Functional analysis of natural microbial consortia using community proteomics

Key Points

  • Microbial communities, rather than individual microorganisms, carry out important functions. However, it is difficult to probe metabolism in communities.

  • Proteogenomics has excellent potential for studying the physiology, ecology and evolution of microbial populations and communities.

  • Microbial proteomics currently makes use of both gel-based and gel-independent liquid chromatography-based separations, and relies on mass spectrometry-based peptide identification. The full proteomics process is discussed.

  • With isolates grown under different metabolic conditions, it is possible to quantitatively compare thousands of proteins from the different growth conditions. By analysing microbial isolates from multiple growth states, between 50–90% of the predicted proteome can be identified.

  • Proteogenomics has been used to analyse an acid mine drainage community, and to study wastewater sludge microbial communities that are used for the removal of biological phosphorus. Strain-resolved proteogenomics analyses can be used to infer partitioning of strain variants in microniches of members of simple communities.

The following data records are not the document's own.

(* Let $Y_1,Y_2,\ldots$ be i.i.d. Bernoulli$(1/2)$ and let $(Z^k)_k$ be generated by the bit-drop scheme described in the context, independently of $(Y_i)$. For $0\le k\le n$ let $L^a_n(k)$ be the length of a longest common subsequence of $Z^k$ and $Y_1\ldots Y_n$. Let $$E^n_4:=\bigcap_{k=\lceil 0.45n\rceil}^{n}\{L^a_n(k)\geq 0.65k\}.$$ Then $\lim_{n\to\infty}P(E^n_4)=1$.
   Context: Bit-drop scheme: let $V_1,V_2,\ldots$ be i.i.d. Bernoulli$(1/2)$ and let $T_3,T_4,\ldots$ be independent, independent of $(V_k)$, with $T_{k+1}$ uniform on $\{2,\ldots,k\}$. Set $Z^2:=V_1V_2$ and, given $Z^k=Z^k_1\ldots Z^k_k$, define $Z^{k+1}_j:=Z^k_j$ for $j<T_{k+1}$, $Z^{k+1}_{T_{k+1}}:=V_{k+1}$, $Z^{k+1}_j:=Z^k_{j-1}$ for $T_{k+1}<j\le k+1$. *)

From HB Require Import structures.
From mathcomp Require Import all_boot all_order all_algebra.
From mathcomp Require Import all_classical all_reals all_analysis.
Set Implicit Arguments. Unset Strict Implicit. Unset Printing Implicit Defensive.
Import Order.TTheory GRing.Theory Num.Theory.

Definition lcs (s t : seq bool) : nat :=
  \max_(m : (size s).-tuple bool | subseq (mask m s) t) size (mask m s).

(* V k = V_k (k >= 1), T k = T_k (k >= 3).
   Z^2 = V_1 V_2 ; Z^{k+1} is Z^k with V_{k+1} inserted at (1-based)
   position T_{k+1}.  For k <= 1 (not covered by the paper) we set
   Z^0 = empty word and Z^1 = V_1. *)
(* Zaux j = Z^{j+2} *)
Fixpoint Zaux (V : nat -> bool) (T : nat -> nat) (j : nat) : seq bool :=
  match j with
  | 0 => [:: V 1; V 2]
  | j'.+1 => let z := Zaux V T j' in
             take (T j.+2).-1 z ++ V j.+2 :: drop (T j.+2).-1 z
  end.

Definition Zbd (V : nat -> bool) (T : nat -> nat) (k : nat) : seq bool :=
  match k with
  | 0 => [::]
  | 1 => [:: V 1]
  | k'.+2 => Zaux V T k'
  end.

(* Finite sample space for fixed n: Y_1..Y_n, V_1..V_n, and T_3..T_n
   (stored in a finite function on 'I_n.+1, with T_j = 0 for j < 3). *)
Definition sample (n : nat) : finType :=
  (n.-tuple bool * n.-tuple bool * {ffun 'I_n.+1 -> 'I_n.+1})%type.
(* In the setting below, suppose there is a reparametrization $\eta=\eta(\theta)$ of $\Theta$ (a twice differentiable map with twice differentiable inverse) such that for every $\theta\in\Theta$ and all $k,l$ the quantity $$\frac{\partial^2}{\partial\eta^k\partial\eta^l}f(m_\theta(a))$$ does not depend on $a\in A$. Then for all $\theta$, all $x\in{\cal F}_\theta$ and all $k,l$, $\sum_a[x(a)-m_\theta(a)]\frac{\partial^2}{\partial\theta^k\partial\theta^l}f(m_\theta(a))=0$; consequently the model belongs to a generalized exponential family, with Fisher information $I_{k,l}(\theta)=\sum_af'(m_\theta(a))\frac{\partial m_\theta(a)}{\partial\theta^k}\frac{\partial m_\theta(a)}{\partial\theta^l}$.
   Context: Setting: $A$ is a finite alphabet, ${\mathbb X}$ the set of probability distributions on $A$ with strictly positive entries, $\langle x|q\rangle=\sum_a x(a)q(a)$. $F:(0,1]\to{\mathbb R}$ is strictly convex and twice differentiable with $f=F'$. $\theta\in\Theta\mapsto m_\theta\in{\mathbb X}$ ($\Theta\subset{\mathbb R}^n$ open) is injective with $\theta\mapsto m_\theta(a)$ twice differentiable for each $a$. The Bregman divergence is $D(x\|\theta)=\sum_a[F(x(a))-F(m_\theta(a))-(x(a)-m_\theta(a))f(m_\theta(a))]$; it is assumed that for every $x\in{\mathbb X}$, $\theta\mapsto D(x\|\theta)$ has a unique minimizer $\theta(x)\in\Theta$, $\mu(x)=m_{\theta(x)}$, and ${\cal F}_\theta=\{x:\mu(x)=m_\theta\}$. The generalized Fisher information is $I_{k,l}(x)=\frac{\partial^2}{\partial\theta^k\partial\theta^l}D(x\|\theta)\big|_{m_\theta=\mu(x)}$, and the model belongs to a generalized exponential family if $I_{k,l}$ is constant on each fiber ${\cal F}_\theta$. *)

From mathcomp Require Import all_boot.
From Stdlib Require Import Reals.
Set Implicit Arguments. Unset Strict Implicit.
Open Scope R_scope.

Definition sumR {X : Type} (l : list X) (g : X -> R) : R :=
  foldr (fun x acc => g x + acc) 0 l.

Definition vec (n : nat) := 'I_n -> R.
Definition vadd {n} (u v : vec n) : vec n := fun j => u j + v j.
Definition vnorm {n} (h : vec n) : R := sumR (enum 'I_n) (fun j => Rabs (h j)).
Definition vdot {n} (u v : vec n) : R := sumR (enum 'I_n) (fun j => u j * v j).
Definition upd {n} (th : vec n) (k : 'I_n) (t : R) : vec n :=
  fun j => th j + (if j == k then t else 0).

Definition is_open {n} (U : vec n -> Prop) : Prop :=
  forall th, U th -> exists r, 0 < r /\ forall h : vec n, vnorm h < r -> U (vadd th h).

Definition frechet_at {n} (g : vec n -> R) (th d : vec n) : Prop :=
  forall eps, 0 < eps -> exists delta, 0 < delta /\
    forall h : vec n, vnorm h < delta ->
      Rabs (g (vadd th h) - g th - vdot d h) <= eps * vnorm h.

Definition diff_on {n} (U : vec n -> Prop) (g : vec n -> R) : Prop :=
  exists dg : vec n -> vec n, forall th, U th -> frechet_at g th (dg th).

Definition twice_diff_on {n} (U : vec n -> Prop) (g : vec n -> R) : Prop :=
  exists dg : vec n -> vec n,
    (forall th, U th -> frechet_at g th (dg th)) /\
    (forall k, diff_on U (fun th => dg th k)).

Definition is_partial {n} (g : vec n -> R) (th : vec n) (k : 'I_n) (v : R) : Prop :=
  derivable_pt_lim (fun t => g (upd th k t)) 0 v.

Definition is_partial2 {n} (U : vec n -> Prop) (g : vec n -> R) (th : vec n)
    (k l : 'I_n) (v : R) : Prop :=
  exists h : vec n -> R,
    (forall th', U th' -> is_partial g th' l (h th')) /\ is_partial h th k v.

Definition inX {A : finType} (x : A -> R) : Prop :=
  (forall a, 0 < x a) /\ sumR (enum A) x = 1.
Lemma pop_matches u : u < size w -> ~~ is_push u ->
  exists p, [/\ p < u, is_push p, npush p = npop u & nth c1 w p = nth c1 w u].
Proof.
move=> Hu Hpu; have [q /=] := queue_at_defined Hu.
case Eu: (queue_at w cs u) => [q0|] //=; rewrite -/(is_push u) (negbTE Hpu).
have [Hle Hq0] := queue_at_pushes Eu.
case: q0 Eu Hq0 => [|p q'] // Eu Hq0; case: eqP => // Hsym _.
have Hlt : npop u < npush u.
  by rewrite ltnNge -size_pushes; apply/negP => H; rewrite drop_oversize in Hq0.
rewrite (drop_nth 0) ?size_pushes // in Hq0; case: Hq0 => Ep _.
by have [] := nth_pushes Hlt; rewrite -Ep; exists p.
Qed.

End QueueRun.

Section QueuedBlocks.
Variables (l : nat) (cs : seq bool) (kd kd' : sym).
Hypothesis kd_opp : opposite kd kd'.
Hypothesis accepts : queue_at (V l) cs (size (V l)) = Some [::].
Variables (k : nat) (q : seq nat).
Hypothesis k_le : k <= size (V l).
Hypothesis queue_k : queue_at (V l) cs k = Some q.

Let kd_sym : block_sym kd. Proof. by case: (opposite_block_sym kd_opp). Qed.
Let kd'_sym : block_sym kd'. Proof. by case: (opposite_block_sym kd_opp). Qed.
Let kd_neq : kd != kd'. Proof. by case: (opposite_block_sym kd_opp). Qed.

Definition queued (j c : nat) : Prop :=
  [/\ 1 <= j <= l, c < 2 & forall t, t < j -> bpos l kd j c t \in q].

Definition in_block (u j c : nat) : Prop :=
  [/\ 1 <= j <= l, c < 2 & exists2 t, t < j & u = bpos l kd j c t].

Definition base (j c : nat) : nat := npush cs (bpos l kd j c 0).

Lemma queued_pushed j c i : queued j c -> i < j ->
  let p := bpos l kd j c i in
  [/\ p < k, is_push cs p, npop cs k <= npush cs p & npush cs p = base j c + i].
Proof.
case=> _ _ Hin; elim: i => [|i IH] Hi p.
  by have := Hin 0 Hi; rewrite (mem_queue_at _ queue_k) addn0 => /and3P[].
have := Hin i.+1 Hi; rewrite (mem_queue_at _ queue_k) => /and3P[-> -> ->].
have [_ Hpush _ Ei] := IH (ltnW Hi).
by rewrite /p /bpos addnS /= Hpush Ei addn1 addnS.
Qed.
Lemma res_local f1 f2 R1 R2 (B : set Om) x : mble f1 -> mble f2 -> measurable B ->
  (forall w, B w -> f1 w = f2 w) -> isR f1 R1 -> isR f2 R2 ->
  sc (\1_B) (R1 x) = sc (\1_B) (R2 x).
Proof.
move=> m1 m2 mB f12 H1 H2.
have mI : mble (\1_B : Om -> R) by exact: measurable_indic.
set u := R1 x; have Du : D u := res_dom H1 x.
have : sc f2 (sc (\1_B) u) - A (sc (\1_B) u) = sc (\1_B) x.
  rewrite op_sc // (smulC u (L0_kc m2) (L0_kc mI)) -(sc_indic_eq u mB m1 m2 f12).
  by rewrite -smulB ?(res_rinv H1) //; exact: L0_kc.
by move/(congr1 R2); rewrite (res_linv H2) ?(res_sc H2) //; exact: dom_sc.
Qed.

Lemma res_convex (mu : R) Rmu l Rl y : mu != 0 -> mble l ->
  isR (fun _ => mu) Rmu -> isR l Rl ->
  sc l (Rl y) = sc (fun w => l w / mu) (sc (fun _ => mu) (Rmu y))
    + sc (fun w => 1 - l w / mu) (sc (fun _ => mu) (Rmu (sc l (Rl y)))).
Proof.
move=> mu0 ml HRmu Hl; have mc (c : R) : mble (fun _ : Om => c) by exact: measurable_cst.
have mlmu : mble (fun w => l w / mu) by exact: measurable_funM.
have m1lmu : mble (fun w => 1 - l w / mu) by exact: measurable_funB.
have mmul : mble (fun w => mu - l w) by exact: measurable_funB.
rewrite {1}(res_identity y (mc mu) ml HRmu Hl) (sm_addr Hm); last exact: L0_kc.
rewrite (res_sc HRmu) // -!scM //; try exact: measurable_funM.
congr (_ + _); apply: smul_ext => w; rewrite /kc; congr kofR.
  by rewrite divfK.
by rewrite mulrBl mul1r divfK // mulrC.
Qed.

Section Pazy.
Variable N : S -> Om -> R.
Hypotheses (N_hom : L0_homogeneous N) (N_tri : L0_subadditive N).
Variables (mu : R) (Rmu : S -> S).
Hypotheses (mu_gt0 : 0 < mu) (HRmu : isR (fun _ => mu) Rmu).
Hypothesis N_contr : forall y, ae P (fun w => N (sc (fun _ => mu) (Rmu y)) w <= N y w).

Lemma res_contr_le (l : Om -> R) Rl y : mble l -> ae P (fun w => 0 < l w) ->
  (forall w, l w <= mu) -> isR l Rl -> ae P (fun w => N (sc l (Rl y)) w <= N y w).
Proof.
move=> ml l_gt0 l_le Hl; set z := sc l (Rl y).
have mu0 : mu != 0 by rewrite gt_eqF.
have mc (c : R) : mble (fun _ : Om => c) by exact: measurable_cst.
have mt : mble (fun w => l w / mu) by exact: measurable_funM.
have m1t : mble (fun w => 1 - l w / mu) by exact: measurable_funB.
have := N_tri (sc (fun w => l w / mu) (sc (fun _ => mu) (Rmu y)))
   (sc (fun w => 1 - l w / mu) (sc (fun _ => mu) (Rmu z))).
rewrite -(res_convex y mu0 ml HRmu Hl) -/z => Nz_le.
apply: (ae_mono (ae_and Nz_le
  (ae_and (L0_homogeneous_sc (sc (fun=> mu) (Rmu y)) N_hom mt)
  (ae_and (L0_homogeneous_sc (sc (fun=> mu) (Rmu z)) N_hom m1t) (ae_and (N_contr y)
  (ae_and (N_contr z) l_gt0)))))) => w [Nzw [e1 [e2 [a_le [b_le lw0]]]]].
have t_gt0 : 0 < l w / mu by rewrite divr_gt0.
have t_le1 : l w / mu <= 1 by rewrite ler_pdivrMr // mul1r.
(* [N z <= t N (mu R(mu) y) + (1 - t) N (mu R(mu) z) <= t N y + (1 - t) N z]
   with [t = l / mu > 0]. *)
move: Nzw; rewrite e1 e2 (ger0_norm (ltW t_gt0)) ger0_norm ?subr_ge0 //.
move: a_le b_le t_gt0 t_le1; set t := l w / mu.
set a := N (sc _ (Rmu y)) w; set b := N (sc _ (Rmu z)) w; nra.
Qed.

Lemma res_contr_iter (l : Om -> R) Rl n y : mble l -> ae P (fun w => 0 < l w) ->
  (forall w, l w <= mu) -> isR l Rl ->
  ae P (fun w => N (sc (fun w => l w ^+ n) (iter n Rl y)) w <= N y w).
Proof.
move=> ml l_gt0 l_le Hl; elim: n y => [|n IH] y.
  have -> : sc (fun w => l w ^+ 0) (iter 0 Rl y) = y.
    by rewrite -[RHS]sc1; apply: smul_ext => w; rewrite /kc expr0.
  by apply: (ae_of_all P).
have -> : sc (fun w => l w ^+ n.+1) (iter n.+1 Rl y) =
          sc l (Rl (sc (fun w => l w ^+ n) (iter n Rl y))).
  have mX : mble (fun w => l w ^+ n) by exact: measurable_funX.
  rewrite (res_sc Hl) // -scM //.
  by apply: smul_ext => w; rewrite /kc exprS.
apply: (ae_mono (ae_and (res_contr_le _ ml l_gt0 l_le Hl) (IH y))) => w [].
exact: le_trans.
Qed.

End Pazy.
End Resolvent.
End Module.

Section Suprema.
Context (R : realType).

  • Initial success in analysing proteomes from complex communities, such as the human microbiome, are discussed, but new analysis methods are required to analyse complex communities such as those found in the oceans. New methods are also required to analyse tiny samples.

Abstract

We know very little about the metabolic functioning and evolutionary dynamics of microbial communities. Recent advances in comprehensive, sequencing-based methods, however, are laying a molecular foundation for new insights into how microbial communities shape the Earth's biosphere. Here we explore the convergence of microbial ecology, genomics, biological mass spectrometry and informatics that form the new field of microbial community proteogenomics. We discuss the first applications of proteogenomics and its potential for studying the physiology, ecology and evolution of microbial populations and communities.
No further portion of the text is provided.